Duty isn't abandonment

On Oct. 21, the New York Post featured a story about a married mother of four who abandoned her family to join the Occupy Wall Street protests.

 

According to the article, her initial plan was to stay only a week. Once she arrived, she now has no plans to return. She exchanged her banker husband and children for a new companion she met at the protest site – a waiter eight years her junior. She exchanged her Florida home for an air mattress and a tarp she shares with her new friend.

Her explanation is appalling and insulting to all who serve our nation, likening her abandoning her family to military service: “Military people leave their families all the time, so why should I feel bad?”

Her comparing her actions to military service offends the senses. True, soldiers, Marines, airmen and sailors leave our families. But we do not choose where to go, or choose causes we support, but we go where our nation sends us. We deploy to hostile areas, with real bullets, where people bleed and die – and not to city parks, as the article mentions, where “hugs” are dispensed at the “empathy table.”

When we leave, we do not abdicate our family responsibilities, leaving them with no plans to return, but while serving our nation, even while deployed, we provide for our families and fulfill our responsibilities.
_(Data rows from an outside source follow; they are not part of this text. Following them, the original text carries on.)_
(* For every $u\in V$, $\Pr(E_u)=\mathcal{O}\left(\log^{-1} n\right)$ as $n\to\infty$, with the implied constant independent of $u$; here $E_u$ is the event that there exists a C3 rooted at $u$ whose type is one of the seven words in $\{s,w\}^3\setminus\{(s,s,s)\}$ (i.e., containing at least one $w$).
   Context: For an integer $n\ge1$, the $n$-octahedral graph $G'_n=(V,E')$ is the undirected graph with vertex set $V=\{u\in\mathbb{Z}^3:|u_1|+|u_2|+|u_3|=n\}$ and edge set $E'=\{\{v,w\}\subset V: v\neq w,\ |v_i-w_i|\le 1 \text{ for all } i=1,2,3\}$. For $u,v\in V$, $d_{uv}$ denotes the shortest-path distance in $G'_n$, and $Z_u=\left(\sum_{w\in V\setminus\{u\}} d_{uw}^{-2}\right)^{-1}$. The OSW random graph $G_n=(V,E)$ is the directed graph in which, for every $\{u,v\}\in E'$, both $(u,v),(v,u)\in E$, and in addition each vertex $u\in V$, independently of the others, chooses one vertex $v\in V\setminus\{u\}$ with probability $Z_u d_{uv}^{-2}$ and the long-range edge $(u,v)$ is added; $C_{uv}$ denotes the event that $u$ chooses $v$. For an ordered pair $(x,y)$ of distinct vertices, say $(x,y)$ is of type $s$ if $\{x,y\}\in E'$, and of type $w$ if $d_{xy}\ge2$ and $C_{xy}$ occurs. A C3 rooted at $u$ of type $(t_1,t_2,t_3)\in\{s,w\}^3$ is a triple $(u,a,b)$ of pairwise distinct vertices such that $(u,a)$ is of type $t_1$, $(a,b)$ is of type $t_2$ and $(b,u)$ is of type $t_3$. *)

From Stdlib Require Import Reals.
From HB Require Import structures.
From mathcomp Require Import all_boot.
Set Implicit Arguments. Unset Strict Implicit. Unset Printing Implicit Defensive.

Definition absdiff (a b : nat) : nat := (a - b) + (b - a).

(* Encoding: an integer coordinate u_i with |u_i| <= n is stored as u_i + n
   in 'I_(2n+1).  Differences of coordinates are preserved by the shift. *)
Notation coord n := 'I_(n.*2.+1).
Notation pt n := (coord n * coord n * coord n)%type.

Definition on_octa (n : nat) (x : pt n) : bool :=
  let '(a, b, c) := x in
  absdiff a n + absdiff b n + absdiff c n == n.

Notation vert n := {x : pt n | @on_octa n x}.

Definition sedge (n : nat) (v w : vert n) : bool :=
  let '(a1, a2, a3) := val v in
  let '(b1, b2, b3) := val w in
  [&& v != w, absdiff a1 b1 <= 1, absdiff a2 b2 <= 1 & absdiff a3 b3 <= 1].

Definition reach (n : nat) (u v : vert n) (k : nat) : bool :=
  [exists p : k.-tuple (vert n), path (@sedge n) u p && (last u p == v)].

(* shortest-path distance d_uv in G'_n (G'_n is connected, and any shortest
   path has length < |V|, so the search range suffices) *)
Definition dist (n : nat) (u v : vert n) : nat :=
  find (reach u v) (iota 0 #|{: vert n}|).

Definition Zu (n : nat) (u : vert n) : R :=
  Rinv (\big[Rplus/R0]_(w : vert n | w != u) Rinv ((INR (dist u w)) ^ 2)).

Definition pchoose (n : nat) (u v : vert n) : R :=
  Rmult (Zu u) (Rinv ((INR (dist u v)) ^ 2)).

Definition valid_choice (n : nat) (c : {ffun vert n -> vert n}) : bool :=
  [forall u, c u != u].

Definition weight (n : nat) (c : {ffun vert n -> vert n}) : R :=
  \big[Rmult/R1]_(x : vert n) pchoose x (c x).

Definition type_s (n : nat) (x y : vert n) : bool := sedge x y.
Definition type_w (n : nat) (c : {ffun vert n -> vert n}) (x y : vert n) : bool :=
  (2 <= dist x y) && (c x == y).

Definition typed (n : nat) (c : {ffun vert n -> vert n}) (x y : vert n) : bool :=
  type_s x y || type_w c x y.

Definition E_ev (n : nat) (u : vert n) (c : {ffun vert n -> vert n}) : bool :=
  [exists a : vert n, exists b : vert n,
    [&& a != u, b != u, a != b,
        typed c u a, typed c a b, typed c b u &
        [|| type_w c u a, type_w c a b | type_w c b u]]].

Definition prob_E (n : nat) (u : vert n) : R :=
  \big[Rplus/R0]_(c : {ffun vert n -> vert n} | valid_choice c && E_ev u c)
     weight c.

(* On E_u there is a triangle u -> a -> b -> u whose edges are edges of G'_n or
   long-range choices, and at least one of them is a choice x -> y with d_xy >= 2,
   which has probability Z_x d_xy^-2 <= Z_x / 4. In a union bound over the triangle
   and its type, the two other edges contribute a factor at most 27 each: a vertex
   has at most 27 neighbours in G'_n, and the choice probabilities of a vertex sum
   to 1 (the choices being independent). Hence Pr(E_u) <= 8 * 27^2 * max_x Z_x / 4.
   On the other hand 1 / Z_x = sum_w d_xw^-2 >= ln n - 4: if |x_3| >= n / 3, moving i
   steps outwards in the first coordinate, j in the second and i + j inwards in the
   third gives distinct vertices within distance i + j of x, and
   sum_{i, j <= m} (i + j + 1)^-2 >= ln (m + 1) - 1. *)

From Stdlib Require Import Reals Lra.
From HB Require Import structures.
From mathcomp Require Import all_boot zify.
Set Implicit Arguments. Unset Strict Implicit. Unset Printing Implicit Defensive.

HB.instance Definition _ :=
  Monoid.isComLaw.Build R R0 Rplus (fun x y z => esym (Rplus_assoc x y z)) Rplus_comm Rplus_0_l.
HB.instance Definition _ :=
  Monoid.isComLaw.Build R R1 Rmult (fun x y z => esym (Rmult_assoc x y z)) Rmult_comm Rmult_1_l.
HB.instance Definition _ := Monoid.isMulLaw.Build R R0 Rmult Rmult_0_l Rmult_0_r.
HB.instance Definition _ :=
  Monoid.isAddLaw.Build R Rmult Rplus Rmult_plus_distr_r Rmult_plus_distr_l.

Local Open Scope R_scope.

Lemma Rinv_ge0 (r : R) : 0 <= r -> 0 <= / r.
Proof.
move=> r_ge0; have [->|r_neq0] := Req_dec r 0; first by rewrite Rinv_0; lra.
by apply/Rlt_le/Rinv_0_lt_compat; lra.
Qed.

Lemma ln_le (x y : R) : 0 < x -> x <= y -> ln x <= ln y.
Proof.
move=> x_gt0 /Rle_lt_or_eq_dec [xy|->]; last lra.
exact/Rlt_le/ln_increasing.
Qed.

Section RealBigops.
Variable I : Type.
Implicit Types (r : seq I) (P : pred I) (F G : I -> R).

Lemma ler_sumR r P F G :
  (forall i, P i -> F i <= G i) ->
  \big[Rplus/R0]_(i <- r | P i) F i <= \big[Rplus/R0]_(i <- r | P i) G i.
Proof. by move=> FG; apply: (big_ind2 Rle) => // *; lra. Qed.

Lemma sumR_ge0 r P F :
  (forall i, P i -> 0 <= F i) -> 0 <= \big[Rplus/R0]_(i <- r | P i) F i.
Proof. by move=> F_ge0; apply: (big_ind (Rle 0)) => // *; lra. Qed.

Lemma prodR_ge0 r P F :
  (forall i, P i -> 0 <= F i) -> 0 <= \big[Rmult/R1]_(i <- r | P i) F i.
Proof. by move=> F_ge0; apply: (big_ind (Rle 0)) => // *; [lra|apply: Rmult_le_pos]. Qed.

Lemma ler_prodR r P F G :
  (forall i, P i -> 0 <= F i <= G i) ->
  \big[Rmult/R1]_(i <- r | P i) F i <= \big[Rmult/R1]_(i <- r | P i) G i.
Proof.
move=> FG; suff [] : 0 <= \big[Rmult/R1]_(i <- r | P i) F i <=
                     \big[Rmult/R1]_(i <- r | P i) G i by [].
apply: (big_ind2 (fun x y => 0 <= x <= y)) => //; first lra.
move=> x1 x2 y1 y2 [? ?] [? ?]; split; first exact: Rmult_le_pos.
exact: Rmult_le_compat.
Qed.

End RealBigops.

Lemma ler_sumR_term (I : finType) (P : pred I) (F : I -> R) j :
  (forall i, P i -> 0 <= F i) -> P j -> F j <= \big[Rplus/R0]_(i | P i) F i.
Proof.
move=> F_ge0 Pj; rewrite (bigD1 j) //=.
suff : 0 <= \big[Rplus/R0]_(i | P i && (i != j)) F i by lra.
by apply: sumR_ge0 => i /andP [/F_ge0].
Qed.

Lemma ler_sumR_sub (I : finType) (A : {pred I}) (P : pred I) (F : I -> R) :
  (forall i, i \in A -> P i) -> (forall i, P i -> 0 <= F i) ->
  \big[Rplus/R0]_(i in A) F i <= \big[Rplus/R0]_(i | P i) F i.
Proof.
move=> AP F_ge0; rewrite big_mkcond [X in _ <= X]big_mkcond.
apply: ler_sumR => i _; case: ifP => [/AP -> | _]; first lra.
by case: ifP => [/F_ge0 | _]; lra.
Qed.

Lemma sumR_ord_recr (K : nat) (F : nat -> R) :
  \big[Rplus/R0]_(i < K.+1) F i = \big[Rplus/R0]_(i < K) F i + F K.
Proof. by rewrite big_ord_recr. Qed.

Lemma sumR_const (I : finType) (c : R) :
  \big[Rplus/R0]_(i : I) c = INR #|I| * c.
Proof.
rewrite big_const cardE; elim: (size _) => [|k IH] /=; first lra.
by rewrite IH; case: k {IH} => [|k] /=; lra.
Qed.

Lemma sumR_indicator (I : finType) (P : pred I) :
  \big[Rplus/R0]_(i : I) (if P i then 1 else 0) = INR #|P|.
Proof.
rewrite -big_mkcond -sum1_card (big_morph INR plus_INR (erefl (INR 0))).
by apply: eq_bigr.
Qed.

Lemma sumR_union_le (I J : finType) (P : pred J) (Q : I -> pred J) (F : J -> R) :
  (forall j, 0 <= F j) -> (forall j, P j -> exists i, Q i j) ->
  \big[Rplus/R0]_(j | P j) F j <= \big[Rplus/R0]_i \big[Rplus/R0]_(j | Q i j) F j.
Proof.
move=> F_ge0 PQ; rewrite big_mkcond (exchange_big_dep xpredT) //=.
apply: ler_sumR => j _; case: ifP => [/PQ [i Qij] | _].
  exact: (@ler_sumR_term _ _ (fun=> F j) i).
by apply: sumR_ge0.
Qed.

(** * Distances and neighbourhoods in G'_n *)

Lemma absdiffC (a b : nat) : absdiff a b = absdiff b a.
Proof. by rewrite /absdiff addnC. Qed.

Lemma absdiffnn (a : nat) : absdiff a a = 0%N.
Proof. by rewrite /absdiff subnn. Qed.

Lemma sedgeC n (x y : vert n) : sedge x y = sedge y x.
Proof.
rewrite /sedge; case: (val x) => [[a1 a2] a3]; case: (val y) => [[b1 b2] b3].
by rewrite eq_sym (absdiffC a1) (absdiffC a2) (absdiffC a3).
Qed.

Section Distance.
Variable n : nat.
Implicit Types x y z : vert n.

Lemma reach0 x y : reach x y 0 -> y = x.
Proof. by move=> /existsP [p /andP [_ /eqP]]; rewrite (tuple0 p) /= => ->. Qed.

Lemma reach_refl x : reach x x 0.
Proof. by apply/existsP; exists [tuple]; rewrite /= eqxx. Qed.

Lemma reach_step x y z k : reach x y k -> sedge y z -> reach x z k.+1.
Proof.
move=> /existsP [p /andP [xp /eqP py]] yz; apply/existsP; exists (rcons_tuple p z).
by rewrite /= rcons_path last_rcons xp py yz eqxx.
Qed.

Lemma dist_refl x : dist x x = 0%N.
Proof.
rewrite /dist; have : (0 < #|{: vert n}|)%N by apply/card_gt0P; exists x.
by case: #|_| => // k _; rewrite /= reach_refl.
Qed.

Lemma dist_gt0 x y : y != x -> (0 < dist x y)%N.
Proof.
move=> yx; rewrite /dist; have : (0 < #|{: vert n}|)%N by apply/card_gt0P; exists x.
case: #|_| => // k _ /=.
by case: ifP => // /reach0 /eqP; rewrite (negbTE yx).
Qed.

Lemma dist_le_reach x y k : reach x y k -> (dist x y <= k)%N.
Proof.
move=> xy_k; rewrite /dist; have [k_lt|k_ge] := ltnP k #|{: vert n}|.
  rewrite leqNgt; apply/negP => /(before_find 0%N).
  by rewrite nth_iota // xy_k.
by apply: leq_trans (find_size _ _) _; rewrite size_iota.
Qed.

End Distance.

(* A neighbour [y] of [x] is determined by the offsets [y_i - x_i + 1] in [{0,1,2}]. *)
Definition offset n (a b : coord n) : 'I_3 := inord (b + 1 - a).

Lemma offset_inj n (a b b' : coord n) :
  (absdiff a b <= 1)%N -> (absdiff a b' <= 1)%N -> offset a b = offset a b' -> b = b'.
Proof.
rewrite /offset /absdiff => ab ab' /(congr1 val) /=.
rewrite !inordK; [|lia|lia] => e; apply: val_inj => /=; lia.
Qed.

Lemma card_sedge_le n (x : vert n) : (#|[pred y | sedge x y]| <= 27)%N.
Proof.
pose offsets (y : vert n) : 'I_3 * 'I_3 * 'I_3 :=
  let '(a1, a2, a3) := val x in let '(b1, b2, b3) := val y in
  (offset a1 b1, offset a2 b2, offset a3 b3).
have inj : {in [pred y | sedge x y] &, injective offsets}.
  move=> y y'; rewrite !inE /sedge /offsets.
  case Ey: (val y) => [[b1 b2] b3]; case Ey': (val y') => [[c1 c2] c3].
  case: (val x) => [[a1 a2] a3] /and4P [_ h1 h2 h3] /and4P [_ h1' h2' h3'] [e1 e2 e3].
  apply: val_inj; rewrite Ey Ey'.
  by rewrite (offset_inj h1 h1' e1) (offset_inj h2 h2' e2) (offset_inj h3 h3' e3).
rewrite -(card_in_imset inj); apply: leq_trans (max_card _) _.
by rewrite !card_prod !card_ord.
Qed.

Lemma sum_sedge_le n (x : vert n) :
  \big[Rplus/R0]_(y : vert n) (if sedge x y then 1 else 0) <= 27.
Proof.
rewrite (sumR_indicator [pred y | sedge x y]).
by have /leP/le_INR := card_sedge_le x; rewrite [INR 27]INR_IZR_INZ.
Qed.

Section Choices.
Variable n : nat.
Implicit Types (u v x y : vert n) (c : {ffun vert n -> vert n}).

Definition Zsum u : R := \big[Rplus/R0]_(w : vert n | w != u) / INR (dist u w) ^ 2.

Lemma Zsum_ge0 u : 0 <= Zsum u.
Proof. by apply: sumR_ge0 => w _; apply/Rinv_ge0/pow2_ge_0. Qed.

Lemma pchoose_ge0 u v : 0 <= pchoose u v.
Proof. by apply: Rmult_le_pos; apply/Rinv_ge0; [apply: Zsum_ge0 | apply: pow2_ge_0]. Qed.

(* The term [v = u] vanishes because [/ 0 = 0]. *)
Lemma sum_pchoose_le1 u : \big[Rplus/R0]_v pchoose u v <= 1.
Proof.
rewrite /pchoose -big_distrr (bigD1 u) //= dist_refl /= Rmult_0_l Rinv_0 Rplus_0_l.
rewrite /Zu -/(Zsum u); have [->|Z_neq0] := Req_dec (Zsum u) 0; first by rewrite Rinv_0; lra.
by rewrite Rinv_l //; lra.
Qed.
At the conclusion of my current tour, I will have “left my family” for about 25 percent of my military career – embarrassingly short compared to many of my fellow soldiers. But even so, I did not “leave” them to pursue my fancies, to join a communal protest, or for the purpose of evading my family responsibilities. Every day, when I come home to my empty apartment, I give thanks for my family, who serve their nation by allowing me to be here.

Maj. Robert Lyons

Evans

(The writer, a U.S. Army chaplain, is serving a tour of duty in Germany.)